Mosaico das Musas, século VI, Palma, Monforte. |
O papel simbólico
das mulheres está bem patente num painel de mosaico representativo das musas a
quem eram arrolados talentos artísticos e competências científicas, que iam,
entre outros, da música à poesia, da dança à comédia, da História à Astronomia.

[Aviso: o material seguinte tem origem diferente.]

Theorem theorem32
  (L : complete_lattice) (n : nat)
  (conj sw nw : 'I_n -> L -> L -> L)
  (Hadj : forall i, adjoint_triple (conj i) (sw i) (nw i))
  (Hunit : forall i (x : L), conj i x (cl_top L) = x /\ conj i (cl_top L) x = x)
  (A B : Type) (R : A -> B -> L) (sigma : A -> B -> 'I_n)
  (HA : inhabited A) (HB : inhabited B)
  (Hnorm : normalized_context R)
  (HACC : concept_ACC sw nw R sigma)
  (Lambda : Type) (Al : Lambda -> A -> Prop) (Bl : Lambda -> B -> Prop)
  (Hdec : decomposition_into_independent_subcontexts conj R sigma Al Bl) :
  decomposition_into_independent_blocks
    (cle (L := L) (A := A) (B := B)) (is_concept sw nw R sigma)
    (bot_concept L A B) (top_concept L A B)
    (fun l => K_block sw nw R sigma (Al l)).
Proof.
have [inh [sep [A_cover [A_uniq [B_cover [B_uniq nzd]]]]]] := Hdec.
split; [|split].
- by move=> l; apply: K_is_block.
- by move=> l m; apply: K_independent.
- by move=> c; apply: K_cover.
Qed.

Sarcófago as Quatro Estações |
As mulheres
participavam também na ritualização de um conjunto de cerimoniais, como por
exemplo, quando as virgens sálicas acompanhavam as procissões guerreiras, as
esposas flâmines de Júpiter ofereciam um animal sacrificial, ou quando
participavam nas nonas caprotinas, nos matronais, na festa da Vénus
Verticórdia, de Fortuna Mulieribus, etc, etc.
Além da estatuária e
da pintura, a numismática glosou quer as deusas, quer sacerdotisas, quer
importantes mulheres de Roma. As deusas Ceres, Vitória e Fortuna, além das
acima mencionadas, a mulher de Marco Aurélio, a de Cómodo, a filha de Marco
António, bem como a sacerdotisa Vesta, todas foram representadas em moeda.
No mito fundacional,
a mãe de Rómulo e Remo – os fundadores de Roma – é a primeira vestal. Vesta, à
imagem da Héstia grega, era uma espécie de deusa do lar. A religião da casa
também está ligada à origem das vestais, responsáveis pela manutenção do fogo
doméstico relacionado com a sobrevivência da família. Na mitologia, as mulheres voltam a estar representadas abrangendo múltiplos aspectos sobretudo da vida mas também na morte. O panteão romano incluía, entre outras, Cibele, deusa da génese da Terra, Minerva deusa a inteligência e da sabedoria, Diana deusa da caça e das florestas ou Vénus deusa do amor.
Na Lusitânia, o
panteão de deusas é imenso, com Arencia, Trebaruna ou Nabia, relacionadas
respectivamente com a guerra, com o lar e as famílias, e com a natureza, ou
ainda, Atégina, deusa do Renascimento e da Lua, uma das mais veneradas na
Lusitânia no período pré-romano. No capítulo das
invocações, Atégina – que é reconhecida com outros nomes - possuía o poder de
exercer vingança e provocar a morte. Pragmática, a invocação em pedra suplica –
“deusa Ataecina Turibrigensis Prosepina, pela tua majestade, rogo, imploro que
vingues o roubo que me fizeram…”.
Na “Lusitânia
Romana” é a escultura que domina, mas a cerâmica, a armaria ou a olaria bem
representadas. É através do olhar para os objectos, para as peças expostas, que
conseguimos criar, mais que não seja, uma ideia do que era a Lusitânia. Muito do que foi continua exposto do Museu Nacional de Arqueologia.